Saved data entries:
Lemma form_le_dot z i0 :
  (forall i, i != i0 -> d 0 i <= 1) -> (z *m P^t*) 0 i0 = 0 ->
  '[z, z]_A <= '[z, z]_1%:M.
Proof.
move=> d_le1 z_i0; rewrite normal_formE normal_dotE; apply: ler_sum => i _.
have [-> | /d_le1 di] := eqVneq i i0; first by rewrite z_i0 normr0 expr0n /= !mulr0.
by rewrite ler_piMl ?exprn_ge0.
Qed.
End NormalSpectrum.

Lemma hermitian_excess_orthogonal (C : numClosedFieldType) n (A : 'M[C]_n)
    (i0 : 'I_n) (z1 z2 : 'rV[C]_n) :
  A \is hermsymmx -> (forall i, i != i0 -> spectral_diag A 0 i <= 1) ->
  '[z1, z2]_1%:M = 0 -> '[z1, z2]_A = 0 -> '[z1, z1]_1%:M < '[z1, z1]_A ->
  '[z2, z2]_A <= '[z2, z2]_1%:M.
Proof.
move=> hermA d_le1 dot12 form12 excess1.
have normA := hermitian_normalmx hermA.
have herm1 : (1%:M : 'M[C]_n) \is hermsymmx.
  by apply/is_hermitianmxP; rewrite expr0 scale1r tr_scalar_mx map_mx1.
(* [p z] is the coordinate of [z] along the eigenvector of the only eigenvalue
   that may exceed 1; the combination [p z2 *: z1 - p z1 *: z2] cancels it. *)
pose p := fun z : 'rV[C]_n => (z *m (spectralmx A)^t*) 0 i0.
have p1_gt0 : 0 < `|p z1| ^+ 2.
  rewrite exprn_gt0 // normr_gt0; apply/eqP => p10.
  by have := lt_le_trans excess1 (form_le_dot normA d_le1 p10); rewrite ltxx.
have orth_w : forall M, M \is hermsymmx -> '[z1, z2]_M = 0 ->
    '[p z2 *: z1 - p z1 *: z2, p z2 *: z1 - p z1 *: z2]_M =
    `|p z2| ^+ 2 * '[z1, z1]_M + `|p z1| ^+ 2 * '[z2, z2]_M.
  move=> M hermM orthM.
  by rewrite form_scaleB (hermitian_formC z1 z2 hermM) orthM conjC0 !mulr0 !subr0 !normCK.
have w_i0 : p (p z2 *: z1 - p z1 *: z2) = 0.
  by rewrite /p mulmxBl -!scalemxAl !mxE mulrC subrr.
have := form_le_dot normA d_le1 w_i0.
rewrite (orth_w _ herm1 dot12) (orth_w _ hermA form12) => key.
rewrite -(ler_pM2l p1_gt0) -(lerD2l (`|p z2| ^+ 2 * '[z1, z1]_1%:M)).
apply: le_trans key; rewrite lerD2r; apply: ler_wpM2l; [exact: exprn_ge0 | exact: ltW].
Qed.

Section TwoExceptionalEigenvalues.
Variables (C : numClosedFieldType) (n : nat) (A : 'M[C]_n) (r s : C) (a b : nat).
Hypotheses (normA : A \is normalmx) (r_gt1 : 1 < r) (s_ltN1 : s < -1).
Hypothesis charA :
  char_poly A = ('X - r%:P) * ('X - s%:P) * ('X - 1) ^+ a * ('X + 1) ^+ b.
Local Notation d := (spectral_diag A).

Lemma root_char_poly x :
  root (char_poly A) x -> [|| x == r, x == s, x == 1 | x == -1].
Proof.
rewrite charA /root !hornerE !mulf_eq0 !expf_eq0 !subr_eq0 addr_eq0.
by rewrite -!orbA => /or4P[->|->|/andP[_ ->]|/andP[_ ->]]; rewrite /= ?orbT.
Qed.

Lemma spectral_diag_cases i :
  [|| d 0 i == r, d 0 i == s, d 0 i == 1 | d 0 i == -1].
Proof.
apply: root_char_poly; rewrite (char_poly_normal normA) /root horner_prod.
by apply/prodf_eq0; exists i => //; rewrite hornerXsubC subrr.
Qed.

Lemma spectral_diag_sqr_ge1 i : 1 <= d 0 i ^+ 2.
Proof.
case/or4P: (spectral_diag_cases i) => /eqP ->; rewrite ?sqrrN ?expr1n //.
  by apply: exprn_ege1; exact: ltW.
by rewrite -sqrrN; apply: exprn_ege1; rewrite lerNr ltW.
Qed.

# WHAT YOU ARE ASKED TO DO
For this exercise, repeat exactly the lines of the data above from the one with "(i0 : 'I_n) (z1" down to the one with "by have := lt_le_trans", both end lines included.

# ANSWER SPACE
    (i0 : 'I_n) (z1 z2 : 'rV[C]_n) :
  A \is hermsymmx -> (forall i, i != i0 -> spectral_diag A 0 i <= 1) ->
  '[z1, z2]_1%:M = 0 -> '[z1, z2]_A = 0 -> '[z1, z1]_1%:M < '[z1, z1]_A ->
  '[z2, z2]_A <= '[z2, z2]_1%:M.
Proof.
move=> hermA d_le1 dot12 form12 excess1.
have normA := hermitian_normalmx hermA.
have herm1 : (1%:M : 'M[C]_n) \is hermsymmx.
  by apply/is_hermitianmxP; rewrite expr0 scale1r tr_scalar_mx map_mx1.
(* [p z] is the coordinate of [z] along the eigenvector of the only eigenvalue
   that may exceed 1; the combination [p z2 *: z1 - p z1 *: z2] cancels it. *)
pose p := fun z : 'rV[C]_n => (z *m (spectralmx A)^t*) 0 i0.
have p1_gt0 : 0 < `|p z1| ^+ 2.
  rewrite exprn_gt0 // normr_gt0; apply/eqP => p10.
  by have := lt_le_trans excess1 (form_le_dot normA d_le1 p10); rewrite ltxx.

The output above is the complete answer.